Today is different, though. The event will be a celebration of Ellis Middleford's accomplishments in Her Majesty's fencing tournament, and Aunt Frances will, of course, be there, her critical gaze ever the more intense on Ciel's presentation as Ellis' fiancee and as representative of the Phantomhive family. More importantly, however, she is wearing her mother's dress- one of the few that had been kept in their townhome and thus survived the fire. It has a harsh, unforgivingly tailored waist, and she doesn't dare alter a stitch on it.

"For God's sake, Maylene, you're not even trying," Ciel looks over her shoulder at Maylene, whose face is colored the usual shade of red from intense concentration.

"I- I'm trying, My lady, but- but... any more and you'll get squished, you will!"

"That's the idea." she says, then sighs, looking up at herself in the vanity mirror.

Squeezing all her organs into a nice, ladylike cone shape, yes, that's the idea... Ciel now remembers why she'd rather eat mud than go to a ball under most circumstances, but the look on Ellis' face when he'd told her he won the tournament... she couldn't disappoint him. For all the ways she tries to push him away (It's for his own good, she hopes he'll understand one day when he has some sense), seeing him upset is still just about the worst feeling she can imagine, worse even than cracking a rib from putting on Satan's undergarments.

Actually... even the denizens of Hell probably know better than to wear these ridiculous things. But come to think of it, someone like Sebastian would at least know how they work.

She turns around and bats Maylene's hands away.

"Send for Sebastian, maybe he can get this right."

"But Milady, you're not dressed yet, you're not-"

"I'm dressed enough; just send him in."

Maylene hums through a distressed pout, as if holding objections in her mouth, but curtsies and leaves as she is told.

Ciel sits at the vanity, sighing and untying her eye patch. There is a box full of others like it, in various designs that Miss Hopkins made for her, but she still prefers the simple black one; it doesn't call undue attention. People talk awfully loudly at parties when they gossip about her, thinking she's too young or too socially inept to pay attention to their snide remarks or patronizing affectations of pity while they stare at her eye, or rather, where she lacks one.

'She was such a pretty little thing too. What a shame.' or 'How fortunate for her that she was already betrothed or she'd never find a decent husband.' It seems nobody even in 'high society' knows how to mind their own business.

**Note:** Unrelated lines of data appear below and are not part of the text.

Definition borel_type (R : realType) (T : completePseudoMetricType R) :=
  g_sigma_algebraType (@open T).

Section Capacity.
Variables (R : realType) (T : completePseudoMetricType R).
Notation Omega := (borel_type T).

Definition core (Plow : set T -> R) : set (probability Omega R) :=
  [set P | forall A : set Omega, measurable A -> ((Plow A)%:E <= P A)%E].

(* Coherent lower probability: Plow is the lower envelope of its core
   (this forces the core to be nonempty, since Plow is real valued). *)
Definition coherent (Plow : set T -> R) : Prop :=
  forall A : set Omega, measurable A ->
    (Plow A)%:E = ereal_inf [set P A | P in core Plow].

Definition two_monotone (Plow : set T -> R) : Prop :=
  forall A B : set Omega, measurable A -> measurable B ->
    Plow A + Plow B - Plow (A `&` B) <= Plow (A `|` B).

Definition weak_cvg (Ps : nat -> probability Omega R) (P : probability Omega R)
  : Prop :=
  forall f : T -> R, continuous f -> (exists M : R, forall x, `|f x| <= M) ->
    (fun n => (\int[Ps n]_(x in [set: Omega]) (f x)%:E)%E) @ \oo -->
      (\int[P]_(x in [set: Omega]) (f x)%:E)%E.

(* On a separable metric
   space the weak topology on probability measures is metrizable (Levy-Prokhorov
   metric), so compactness is equivalent to sequential compactness. *)
Definition weakly_compact (S : set (probability Omega R)) : Prop :=
  forall Ps : nat -> probability Omega R, (forall n, S (Ps n)) ->
    exists phi : nat -> nat, (forall n, (phi n < phi n.+1)%N) /\
      exists2 P, S P & weak_cvg (Ps \o phi) P.

Definition choquet2 (Plow : set T -> R) : Prop :=
  coherent Plow /\ weakly_compact (core Plow) /\ two_monotone Plow.

Definition upper (Plow : set T -> R) (A : set T) : R := 1 - Plow (~` A).

Definition upD (Plow : set T -> R) (A Z : set T) : R :=
  upper Plow (A `&` Z) / upper Plow Z.
Definition lowD (Plow : set T -> R) (A Z : set T) : R :=
  1 - upD Plow (~` A) Z.

Definition lowG (Plow : set T -> R) (A Z : set T) : R :=
  Plow (A `&` Z) / Plow Z.
Definition upG (Plow : set T -> R) (A Z : set T) : R :=
  1 - lowG Plow (~` A) Z.

Definition dilates (Plow : set T -> R) (lowc upc : set T -> set T -> R)
    (Bs : set (set T)) (A : set T) : Prop :=
  let s := sup [set lowc A Z | Z in Bs] in
  let i := inf [set upc A Z | Z in Bs] in
  s <= Plow A /\ Plow A <= upper Plow A /\ upper Plow A <= i /\
  (s < Plow A \/ upper Plow A < i).

End Capacity.

From HB Require Import structures.
From mathcomp Require Import all_boot all_order all_algebra.
From mathcomp Require Import all_classical all_reals all_analysis.
From mathcomp Require Import lra ring.
Import Order.TTheory GRing.Theory Num.Theory.
Import numFieldNormedType.Exports.
Set Implicit Arguments. Unset Strict Implicit.
Local Open Scope classical_set_scope.
Local Open Scope ring_scope.

(** Dilation forces a sign change of the event covariance
    [P (A `&` B) - P A * P B] over the core.  For instance, if Dempster's rule
    dilates [A] from below, then [lowD A Z < Plow A] for [Z = B] and
    [Z = ~` B]; each of these inequalities is witnessed, through the lower
    envelope, by a core measure [P] with [P A * P Z < P (A `&` Z)], and since
    the covariance with [~` B] is minus the covariance with [B], the two
    witnesses give covariances of [A] and [B] of opposite signs.  The core is
    closed under mixtures, and the covariance of the mixture with weight [t]
    is a polynomial in [t], so the intermediate value theorem yields a core
    measure under which [A] and [B] are independent. *)

Lemma min_le0_le_max (R : realDomainType) (x y : R) :
  x * y <= 0 -> Num.min x y <= 0 <= Num.max x y.
Proof.
rewrite ge_min le_max => xy.
by have [x0|x0] := leP x 0; have [y0|y0] := leP 0 y; rewrite ?x0 ?y0 ?orbT //=; nra.
Qed.

Lemma sup_image2_lt (U : Type) (R : realType) (g : U -> R) (x y : U) (r : R) :
  sup [set g z | z in [set x; y]] < r -> g x < r /\ g y < r.
Proof.
have ub : has_ubound [set g z | z in [set x; y]].
  by exists (Num.max (g x) (g y)) => _ [z [->|->] <-]; rewrite le_max lexx ?orbT.
move=> supr; split; apply: le_lt_trans supr; apply: (ub_le_sup ub).
  by exists x => //; left.
by exists y => //; right.
Qed.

She studies the contract seal on her iris, wondering how much they'll still be chattering about it, amidst scrutinizing every last thing about her; how she wears her gown, how she holds her fan, how closely she stands to her fiance...

God, she hates parties.

She hates people.

There is a soft knock at the door.

"Come in, Sebastian," She says. He does, and she looks at him boredly, though she unconsciously lays a hand over her chest and adjusts the strap of her chemise. It isn't as if she really has anything to hide from Sebastian beyond making a show of it for propriety's sake; the secret they share is far more intense than anything that can by hidden by petticoats and stockings. It won't matter in the end, when their contract is complete, if he has occasionally seen what a gentleman shouldn't see. He's not a real gentleman, after all, and he's seen her wearing less, though the years have passed.

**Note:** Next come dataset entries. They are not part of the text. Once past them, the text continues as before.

(* Let $K$ be a $b$-complete idempotent semiring and $X$ a nonempty set. The kernel theorem holds for a functional $b$-semimodule $V\subset K(X)$ if and only if the identity operator $\mathrm{id}\colon V\to V$ is integral.
   Context: Idempotent semigroup: commutative, associative, idempotent $\oplus$ with order $x\preceq y$ iff $x\oplus y=y$; $b$-complete: every bounded above subset (incl. $\emptyset$) has a least upper bound. A homomorphism of $b$-complete semigroups is a $b$-homomorphism if it preserves least upper bounds of bounded above subsets. Idempotent semiring: idempotent commutative associative $\oplus$, associative $\odot$ bi-distributive, unit $\mathbf 1$, zero $\mathbf 0$; $b$-complete if $b$-complete and $k\odot(\oplus X)=\oplus(k\odot X)$, $(\oplus X)\odot k=\oplus(X\odot k)$ for bounded $X$. Idempotent semimodule over $K$: idempotent semigroup with associative bi-distributive $K$-action, $\mathbf 1\odot x=x$, $\mathbf 0\odot x=\mathbf 0$; $b$-complete if $b$-complete as semigroup and $(\oplus Q)\odot x=\oplus(Q\odot x)$, $k\odot(\oplus X)=\oplus(k\odot X)$ for bounded $Q,X$. Linear: preserves $\oplus$ and scalar multiplication; $b$-linear: moreover a $b$-homomorphism. $K(X)$: all maps $X\to K$, pointwise operations; a functional $b$-semimodule on $X$ is a subset of $K(X)$ closed under pointwise $\oplus$ and scalar multiplication, which is a $b$-complete semimodule and whose embedding into $K(X)$ is a $b$-homomorphism. A mapping $A\colon V\to W$ is integral if there is $k\colon X\to W$ such that $\{f(x)\odot k(x)\mid x\in X\}$ is bounded for all $f\in V$ and $Af=\sup_{x\in X}(f(x)\odot k(x))$. The kernel theorem holds for $V$ if every $b$-linear mapping from $V$ to an arbitrary $b$-complete semimodule over $K$ is integral. *)

Set Implicit Arguments.

Section Order.
Variable T : Type.
Variable add : T -> T -> T.

Definition le (x y : T) : Prop := add x y = y.

Definition upper_bound_in (P S : T -> Prop) (u : T) : Prop :=
  P u /\ forall x, S x -> le x u.
Definition bounded_in (P S : T -> Prop) : Prop := exists u, upper_bound_in P S u.
Definition lub_in (P S : T -> Prop) (s : T) : Prop :=
  upper_bound_in P S s /\ forall u, upper_bound_in P S u -> le s u.

Definition all_T : T -> Prop := fun _ => True.
Definition bounded (S : T -> Prop) : Prop := bounded_in all_T S.
Definition is_lub (S : T -> Prop) (s : T) : Prop := lub_in all_T S s.

Definition b_complete : Prop :=
  forall S : T -> Prop, bounded S -> exists s, is_lub S s.
End Order.

Definition image {A B : Type} (f : A -> B) (S : A -> Prop) : B -> Prop :=
  fun y => exists x, S x /\ y = f x.

Record IdemSemiring := {
  sr_car :> Type;
  sr_add : sr_car -> sr_car -> sr_car;
  sr_mul : sr_car -> sr_car -> sr_car;
  sr_one : sr_car;
  sr_zero : sr_car;
  sr_addA : forall a b c, sr_add a (sr_add b c) = sr_add (sr_add a b) c;
  sr_addC : forall a b, sr_add a b = sr_add b a;
  sr_addI : forall a, sr_add a a = a;
  sr_add0 : forall a, sr_add sr_zero a = a;
  sr_mulA : forall a b c, sr_mul a (sr_mul b c) = sr_mul (sr_mul a b) c;
  sr_mul1l : forall a, sr_mul sr_one a = a;
  sr_mul1r : forall a, sr_mul a sr_one = a;
  sr_mulDl : forall a b c, sr_mul (sr_add a b) c = sr_add (sr_mul a c) (sr_mul b c);
  sr_mulDr : forall a b c, sr_mul a (sr_add b c) = sr_add (sr_mul a b) (sr_mul a c);
  sr_mul0l : forall a, sr_mul sr_zero a = sr_zero;
  sr_mul0r : forall a, sr_mul a sr_zero = sr_zero
}.

Definition b_complete_semiring (K : IdemSemiring) : Prop :=
  b_complete (sr_add K) /\
  (forall (k : K) (S : K -> Prop) (s : K),
      bounded (sr_add K) S -> is_lub (sr_add K) S s ->
      is_lub (sr_add K) (image (sr_mul K k) S) (sr_mul K k s) /\
      is_lub (sr_add K) (image (fun x => sr_mul K x k) S) (sr_mul K s k)).

Record Semimodule (K : IdemSemiring) := {
  sm_car :> Type;
  sm_add : sm_car -> sm_car -> sm_car;
  sm_zero : sm_car;
  sm_act : K -> sm_car -> sm_car;
  sm_addA : forall x y z, sm_add x (sm_add y z) = sm_add (sm_add x y) z;
  sm_addC : forall x y, sm_add x y = sm_add y x;
  sm_addI : forall x, sm_add x x = x;
  sm_add0 : forall x, sm_add sm_zero x = x;
  sm_actA : forall a b x, sm_act (sr_mul K a b) x = sm_act a (sm_act b x);
  sm_actDl : forall a b x, sm_act (sr_add K a b) x = sm_add (sm_act a x) (sm_act b x);
  sm_actDr : forall a x y, sm_act a (sm_add x y) = sm_add (sm_act a x) (sm_act a y);
  sm_act1 : forall x, sm_act (sr_one K) x = x;
  sm_act0 : forall x, sm_act (sr_zero K) x = sm_zero
}.

Definition b_complete_semimodule (K : IdemSemiring) (W : Semimodule K) : Prop :=
  b_complete (sm_add W) /\
  (forall (Q : K -> Prop) (q : K) (x : W),
      bounded (sr_add K) Q -> is_lub (sr_add K) Q q ->
      is_lub (sm_add W) (image (fun k => sm_act W k x) Q) (sm_act W q x)) /\
  (forall (k : K) (S : W -> Prop) (s : W),
      bounded (sm_add W) S -> is_lub (sm_add W) S s ->
      is_lub (sm_add W) (image (sm_act W k) S) (sm_act W k s)).

Section Functional.
Variable K : IdemSemiring.
Variable X : Type.

Definition padd (f g : X -> K) : X -> K := fun x => sr_add K (f x) (g x).
Definition pact (k : K) (f : X -> K) : X -> K := fun x => sr_mul K k (f x).
Definition pzero : X -> K := fun _ => sr_zero K.

Definition subset_of (S V : (X -> K) -> Prop) : Prop := forall f, S f -> V f.

(* V ⊂ K(X) is a functional b-semimodule: closed under pointwise ⊕ and scalar
   multiplication (and containing the zero function), a b-complete semimodule
   with the induced operations (sups and bounds taken inside V), and the
   embedding V -> K(X) is a b-homomorphism (sups in V of bounded subsets are
   sups in K(X)). *)
Definition functional_bsemimodule (V : (X -> K) -> Prop) : Prop :=
  (forall f g, V f -> V g -> V (padd f g)) /\
  (forall k f, V f -> V (pact k f)) /\
  V pzero /\
  (forall S, subset_of S V -> bounded_in padd V S -> exists s, lub_in padd V S s) /\
  (forall (Q : K -> Prop) (q : K) f, V f ->
      bounded (sr_add K) Q -> is_lub (sr_add K) Q q ->
      lub_in padd V (image (fun k => pact k f) Q) (pact q f)) /\
  (forall k S s, subset_of S V -> bounded_in padd V S -> lub_in padd V S s ->
      lub_in padd V (image (pact k) S) (pact k s)) /\
  (forall S s, subset_of S V -> bounded_in padd V S -> lub_in padd V S s ->
      is_lub padd S s).

(* b-linear maps V -> W (a map is given on all of K(X); only its values on V
   matter). *)
Arguments b_complete_semimodule : clear implicits.
Definition b_linear (V : (X -> K) -> Prop) (W : Semimodule K) (A : (X -> K) -> W)
  : Prop :=
  (forall f g, V f -> V g -> A (padd f g) = sm_add W (A f) (A g)) /\
  (forall k f, V f -> A (pact k f) = sm_act W k (A f)) /\
  (forall S s, subset_of S V -> bounded_in padd V S -> lub_in padd V S s ->
      is_lub (sm_add W) (image A S) (A s)).

(* Integrality of A : V -> W, where the target W is given as a subset inW of an
   ambient type with addition addW and scalar action actW (bounds and sups are
   taken inside inW). *)
Definition integral_in {W : Type} (inW : W -> Prop) (addW : W -> W -> W)
  (actW : K -> W -> W) (V : (X -> K) -> Prop) (A : (X -> K) -> W) : Prop :=
  exists k : X -> W, (forall x, inW (k x)) /\
    forall f, V f ->
      let T := fun w => exists x, w = actW (f x) (k x) in
      bounded_in addW inW T /\ lub_in addW inW T (A f).

Arguments b_linear : clear implicits.
Definition integral (V : (X -> K) -> Prop) (W : Semimodule K) (A : (X -> K) -> W)
  : Prop := integral_in (all_T (T:=W)) (sm_add W) (sm_act W) V A.

Arguments integral : clear implicits.
Definition kernel_theorem_holds (V : (X -> K) -> Prop) : Prop :=
  forall (W : Semimodule K), b_complete_semimodule K W ->
    forall A : (X -> K) -> W, b_linear V W A -> integral V W A.

End Functional.

(* If the identity of V is integral with kernel k, then every f in V is the
   supremum in V of the bounded family f(x) k(x); a b-linear A preserves this
   supremum and the action, so A f = sup_x f(x) A(k x), i.e. A is integral
   with kernel A o k.  Conversely, V is itself a b-complete semimodule and the
   identity of V is b-linear, so the kernel theorem applies to it. *)

From Stdlib Require Import ClassicalEpsilon FunctionalExtensionality
  PropExtensionality ProofIrrelevance.
Set Implicit Arguments.

Lemma set_ext (T : Type) (S1 S2 : T -> Prop) :
  (forall t, S1 t <-> S2 t) -> S1 = S2.
Proof. intros E; extensionality t; apply propositional_extensionality, E. Qed.

Lemma lub_in_mem (T : Type) (add : T -> T -> T) (P S : T -> Prop) (s : T) :
  lub_in add P S s -> P s.
Proof. intros [[Ps _] _]; exact Ps. Qed.

Section SubSemimodule.
Variables (K : IdemSemiring) (X : Type) (V : (X -> K) -> Prop).
Hypothesis HV : functional_bsemimodule K V.

Lemma V_padd f g : V f -> V g -> V (padd K f g).
Proof. exact (proj1 HV f g). Qed.

Lemma V_pact k f : V f -> V (pact K k f).
Proof. exact (proj1 (proj2 HV) k f). Qed.

Lemma V_pzero : V (@pzero K X).
Proof. exact (proj1 (proj2 (proj2 HV))). Qed.

Definition vsub := {f : X -> K | V f}.
Definition vval (a : vsub) : X -> K := proj1_sig a.

Definition vadd (a b : vsub) : vsub :=
  exist _ (padd K (vval a) (vval b)) (V_padd (proj2_sig a) (proj2_sig b)).
Definition vact (k : K) (a : vsub) : vsub :=
  exist _ (pact K k (vval a)) (V_pact k (proj2_sig a)).
Definition vzero : vsub := exist _ (@pzero K X) V_pzero.

Lemma vval_inj (a b : vsub) : vval a = vval b -> a = b.
Proof.
  destruct a as [f Hf], b as [g Hg]; simpl; intros <-.
  f_equal; apply proof_irrelevance.
Qed.

Ltac vsub_pointwise :=
  intros; apply vval_inj; extensionality t; unfold padd, pact, pzero; simpl.

Definition vsemimodule : Semimodule K.
Proof.
  refine (@Build_Semimodule K vsub vadd vzero vact _ _ _ _ _ _ _ _ _);
    vsub_pointwise.
  - apply sr_addA.
  - apply sr_addC.
  - apply sr_addI.
  - apply sr_add0.
  - symmetry; apply sr_mulA.
  - apply sr_mulDl.
  - apply sr_mulDr.
  - apply sr_mul1l.
  - apply sr_mul0l.
Defined.

Lemma le_vsub (a b : vsub) : le vadd a b <-> le (@padd K X) (vval a) (vval b).
Proof.
  unfold le; split; intro E.
  - exact (f_equal vval E).
  - exact (vval_inj (vadd a b) b E).
Qed.

Lemma upper_bound_vsub (S : vsub -> Prop) (u : vsub) :
  upper_bound_in vadd (all_T (T:=vsub)) S u <->
  upper_bound_in (@padd K X) V (image vval S) (vval u).
Proof.
  split.
  - intros [_ Hu]; split; [exact (proj2_sig u)|].
    intros f [a [Sa ->]]; apply le_vsub, Hu, Sa.
  - intros [_ Hu]; split; [exact I|].
    intros a Sa; apply le_vsub, Hu; exists a; auto.
Qed.

Lemma bounded_vsub (S : vsub -> Prop) :
  bounded_in vadd (all_T (T:=vsub)) S <-> bounded_in (@padd K X) V (image vval S).
Proof.
  split.
  - intros [u Hu]; exists (vval u); apply upper_bound_vsub, Hu.
  - intros [u Hu]; exists (exist _ u (proj1 Hu)); apply upper_bound_vsub, Hu.
Qed.

Lemma lub_vsub (S : vsub -> Prop) (s : vsub) :
  lub_in vadd (all_T (T:=vsub)) S s <-> lub_in (@padd K X) V (image vval S) (vval s).
Proof.
  split.
  - intros [Hs Hleast]; split; [apply upper_bound_vsub, Hs|].
    intros u Hu; apply (le_vsub s (exist _ u (proj1 Hu))).
    apply Hleast, upper_bound_vsub, Hu.
  - intros [Hs Hleast]; split; [apply upper_bound_vsub, Hs|].
    intros u Hu; apply le_vsub, Hleast, upper_bound_vsub, Hu.
Qed.

Lemma image_vval_subset (S : vsub -> Prop) : subset_of K (image vval S) V.
Proof. intros f [a [_ ->]]; exact (proj2_sig a). Qed.

Lemma vsemimodule_b_complete : b_complete_semimodule vsemimodule.
Proof.
  destruct HV as (_ & _ & _ & Hcomplete & Hlub_scalars & Hlub_act & _).
  split; [|split]; simpl.
  - intros S HS; apply bounded_vsub in HS.
    destruct (Hcomplete _ (image_vval_subset (S:=S)) HS) as [s Hs].
    exists (exist _ s (lub_in_mem Hs)); apply lub_vsub, Hs.
  - intros Q q a HQ Hq; apply lub_vsub.
    replace (image vval _) with (image (fun k => pact K k (vval a)) Q).
    + exact (Hlub_scalars Q q _ (proj2_sig a) HQ Hq).
    + apply set_ext; intro f; split.
      * intros [k [Qk ->]]; exists (vact k a); split; [exists k|]; auto.
      * intros [b [[k [Qk ->]] ->]]; exists k; auto.
  - intros k S s HS Hs; apply bounded_vsub in HS; apply lub_vsub in Hs.
    apply lub_vsub.
    replace (image vval _) with (image (pact K k) (image vval S)).
    + exact (Hlub_act k _ _ (image_vval_subset (S:=S)) HS Hs).
    + apply set_ext; intro f; split.
      * intros [g [[a [Sa ->]] ->]]; exists (vact k a); split; [exists a|]; auto.
      * intros [b [[a [Sa ->]] ->]]; exists (vval a); split; [exists a|]; auto.
Qed.

(* The identity of V, extended by zero outside V. *)
Definition vincl (f : X -> K) : vsub :=
  match excluded_middle_informative (V f) with
  | left Vf => exist _ f Vf
  | right _ => vzero
  end.

Lemma vval_vincl f : V f -> vval (vincl f) = f.
Proof. intros Vf; unfold vincl; destruct excluded_middle_informative; easy. Qed.

Lemma image_vval_vincl (S : (X -> K) -> Prop) :
  subset_of K S V -> image vval (image vincl S) = S.
Proof.
  intros SV; apply set_ext; intro f; split.
  - intros [a [[g [Sg ->]] ->]]; rewrite vval_vincl; auto.
  - intros Sf; exists (vincl f); split; [exists f; auto|].
    symmetry; apply vval_vincl; auto.
Qed.

Lemma vincl_b_linear : b_linear V vsemimodule vincl.
Proof.
  split; [|split].
  - intros f g Vf Vg; apply vval_inj; simpl.
    rewrite !vval_vincl; auto using V_padd.
  - intros k f Vf; apply vval_inj; simpl.
    rewrite !vval_vincl; auto using V_pact.
  - intros S s SV _ Hs; simpl; apply lub_vsub.
    rewrite image_vval_vincl, vval_vincl; [exact Hs | exact (lub_in_mem Hs) | exact SV].
Qed.

Lemma integral_id_of_integral_vincl :
  integral V vsemimodule vincl -> integral_in K V (@padd K X) (@pact K X) V (fun f => f).
Proof.
  intros [k [_ Hk]].
  exists (fun x => vval (k x)); split; [intro x; exact (proj2_sig (k x))|].
  intros f Vf; destruct (Hk f Vf) as [Hbounded Hlub]; simpl in Hbounded, Hlub.
  apply bounded_vsub in Hbounded; apply lub_vsub in Hlub.
  rewrite vval_vincl in Hlub by exact Vf.
  replace (fun g => exists x, g = pact K (f x) (vval (k x)))
    with (image vval (fun a => exists x, a = vact (f x) (k x))); [split; auto|].
  apply set_ext; intro g; split.
  - intros [a [[x ->] ->]]; exists x; reflexivity.
  - intros [x ->]; exists (vact (f x) (k x)); split; [exists x|]; reflexivity.
Qed.

End SubSemimodule.

Lemma integral_id_of_kernel_theorem (K : IdemSemiring) (X : Type)
  (V : (X -> K) -> Prop) :
  functional_bsemimodule K V -> kernel_theorem_holds K V ->
  integral_in K V (@padd K X) (@pact K X) V (fun f => f).
Proof.
  intros HV Hker; apply (integral_id_of_integral_vincl (HV:=HV)).
  apply Hker; [apply vsemimodule_b_complete | apply vincl_b_linear].
Qed.

Lemma kernel_theorem_of_integral_id (K : IdemSemiring) (X : Type)
  (V : (X -> K) -> Prop) :
  (forall k f, V f -> V (pact K k f)) ->
  integral_in K V (@padd K X) (@pact K X) V (fun f => f) -> kernel_theorem_holds K V.
Proof.
  intros V_pact [k [Vk Hk]] W _ A [_ [A_act A_lub]].
  exists (fun x => A (k x)); split; [intro; exact I|].
  intros f Vf; destruct (Hk f Vf) as [Hbounded Hlub]; simpl in Hbounded, Hlub.
  set (T := fun g => exists x, g = pact K (f x) (k x)) in *.
  assert (TV : subset_of K T V) by (intros g [x ->]; auto).
  replace (fun w => exists x, w = sm_act W (f x) (A (k x))) with (image A T).
  - pose proof (A_lub T f TV Hbounded Hlub) as HA.
    split; [exists (A f); split; [exact I | apply HA]|]; exact HA.
  - apply set_ext; intro w; split.
    + intros [g [[x ->] ->]]; exists x; apply A_act, Vk.
    + intros [x ->]; exists (pact K (f x) (k x)); split; [exists x; reflexivity|].
      symmetry; apply A_act, Vk.
Qed.

Theorem corollary7p30 (K : IdemSemiring) (HK : b_complete_semiring K)
  (X : Type) (HX : inhabited X) (V : (X -> K) -> Prop)
  (HV : @functional_bsemimodule K X V) :
  @kernel_theorem_holds K X V <->
  @integral_in K X (X -> K) V (@padd K X) (@pact K X) V (fun f : X -> K => f).
Proof.
  split.
  - exact (integral_id_of_kernel_theorem HV).
  - exact (kernel_theorem_of_integral_id (V_pact HV)).
Qed.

She wonders if he's noticed how her breasts have grown.

That's stupid. He's Sebastian and he notices everything.

What she wonders, in a train of thought that goes against her best efforts, is if he cares.

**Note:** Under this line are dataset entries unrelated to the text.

Lemma cond_next_increasing n h : increasing h -> increasing (cond_next a n h).
Proof.
  intros Hh xs ys Hxy. unfold cond_next, next_intensity.
  pose proof (intensity_increasing _ _ (S n) Hxy).
  pose proof (intensity_bounds xs (S n)). pose proof (intensity_bounds ys (S n)).
  assert (h (xs ++ [true]) <= h (ys ++ [true])) by (apply Hh, le_bools_app; auto).
  assert (h (xs ++ [false]) <= h (ys ++ [false])) by (apply Hh, le_bools_app; auto).
  assert (h (ys ++ [false]) <= h (ys ++ [true])) by (apply Hh, le_bools_app; auto using le_bools_refl).
  nra.
Qed.

(* Chebyshev's sum inequality for the two-point law of the next coordinate. *)
Lemma cond_next_mul_ge n f g xs : increasing f -> increasing g ->
  cond_next a n f xs * cond_next a n g xs <= cond_next a n (fun ys => f ys * g ys) xs.
Proof.
  intros Hf Hg. unfold cond_next, next_intensity.
  assert (f (xs ++ [false]) <= f (xs ++ [true])) by (apply Hf, le_bools_app; auto using le_bools_refl).
  assert (g (xs ++ [false]) <= g (xs ++ [true])) by (apply Hg, le_bools_app; auto using le_bools_refl).
  pose proof (intensity_bounds xs (S n)).
  set (l := intensity a xs (S n)) in *.
  assert (0 <= l * (1 - l) * ((f (xs ++ [true]) - f (xs ++ [false])) *
                              (g (xs ++ [true]) - g (xs ++ [false])))).
  { apply Rmult_le_pos; [nra | apply Rmult_le_pos; lra]. }
  nra.
Qed.

Lemma harris_increasing n f g : increasing f -> increasing g ->
  dthp_E a n f * dthp_E a n g <= dthp_E a n (fun xs => f xs * g xs).
Proof.
  revert f g; induction n as [|n IH]; intros f g Hf Hg.
  - rewrite !dthp_E_0. lra.
  - rewrite !dthp_E_S. eapply Rle_trans.
    + apply IH; apply cond_next_increasing; assumption.
    + apply dthp_E_le. intros xs _. apply cond_next_mul_ge; assumption.
Qed.

Lemma harris_decreasing n f g :
  increasing (fun xs => - f xs) -> increasing (fun xs => - g xs) ->
  dthp_E a n f * dthp_E a n g <= dthp_E a n (fun xs => f xs * g xs).
Proof.
  intros Hf Hg. pose proof (harris_increasing n _ _ Hf Hg) as H.
  rewrite (dthp_E_ext _ _ (fun xs => - f xs * - g xs) (fun xs => f xs * g xs)) in H by (intros; ring).
  rewrite (dthp_E_ext _ _ (fun xs => - f xs) (fun xs => -1 * f xs)),
          (dthp_E_ext _ _ (fun xs => - g xs) (fun xs => -1 * g xs)), !dthp_E_scal in H by (intros; ring).
  lra.
Qed.

(* Since [exp (t H)] and the next intensity are both increasing (t >= 0) or both
   decreasing (t < 0) in the path, they are positively correlated. *)
Lemma dthp_mgf_S_ge t n :
  dthp_mgf a t n * (1 + (exp t - 1) * arrival_prob a n) <= dthp_mgf a t (S n).
Proof.
  rewrite dthp_mgf_S, <- dthp_E_affine_intensity.
  change (dthp_mgf a t n) with (dthp_E a n (fun xs => exp (t * Hval xs))).
  destruct (Rle_or_lt 0 t) as [Ht|Ht].
  - assert (0 <= exp t - 1) by (pose proof (exp_le 0 t Ht); rewrite exp_0 in *; lra).
    apply harris_increasing; auto; intros xs ys Hxy.
    + apply exp_le, Rmult_le_compat_l, Hval_increasing; auto.
    + pose proof (intensity_increasing xs ys (S n) Hxy). unfold next_intensity. nra.
  - assert (exp t - 1 < 0) by (pose proof (exp_increasing t 0 Ht); rewrite exp_0 in *; lra).
    apply harris_decreasing; auto; intros xs ys Hxy.
    + apply Ropp_le_contravar, exp_le. pose proof (Hval_increasing _ _ Hxy). nra.
    + pose proof (intensity_increasing xs ys (S n) Hxy). unfold next_intensity. nra.
Qed.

What the hell is wrong with her?

"You needed something, My Lady?"

"Lace my corset properly so I can fit in this gown tonight," She says, brushing her hair over one shoulder and looking at him plainly, "You can do that, right?"

"It has been several years, but I do have a bit of experience with these things, yes."

She stands and walks to her bedside, grasping a corner post with both hands.

"I don't have all day," She says gruffly, and he smiles in that subtle sly way he always does. She's glad, for a moment, that she's leaning on the bedpost, because her legs suddenly don't feel particularly up to task.

The way he looks at her- there's a word for it, but she can't think of it.

"Yes, My Lady." He says.

'Indecent,' she thinks, as he sidles up behind her and sets his hands on her waist, 'Indecent is the word. Aunt Frances had the right idea all those years ago when she said that about him... Maybe.'

Maybe she's just projecting, but-

His hand on the small of her back makes her gasp and he hasn't even begun tightening the laces.

"It should be worn slightly lower, to taper to the natural waistline," he says, adjusting the garment accordingly, "At this level, it will also properly support the bust."

"I don't need you to explain it to me," She says, looking back at him and frowning. He opts for his 'innocent' smile which she's never bought as innocent for even a moment.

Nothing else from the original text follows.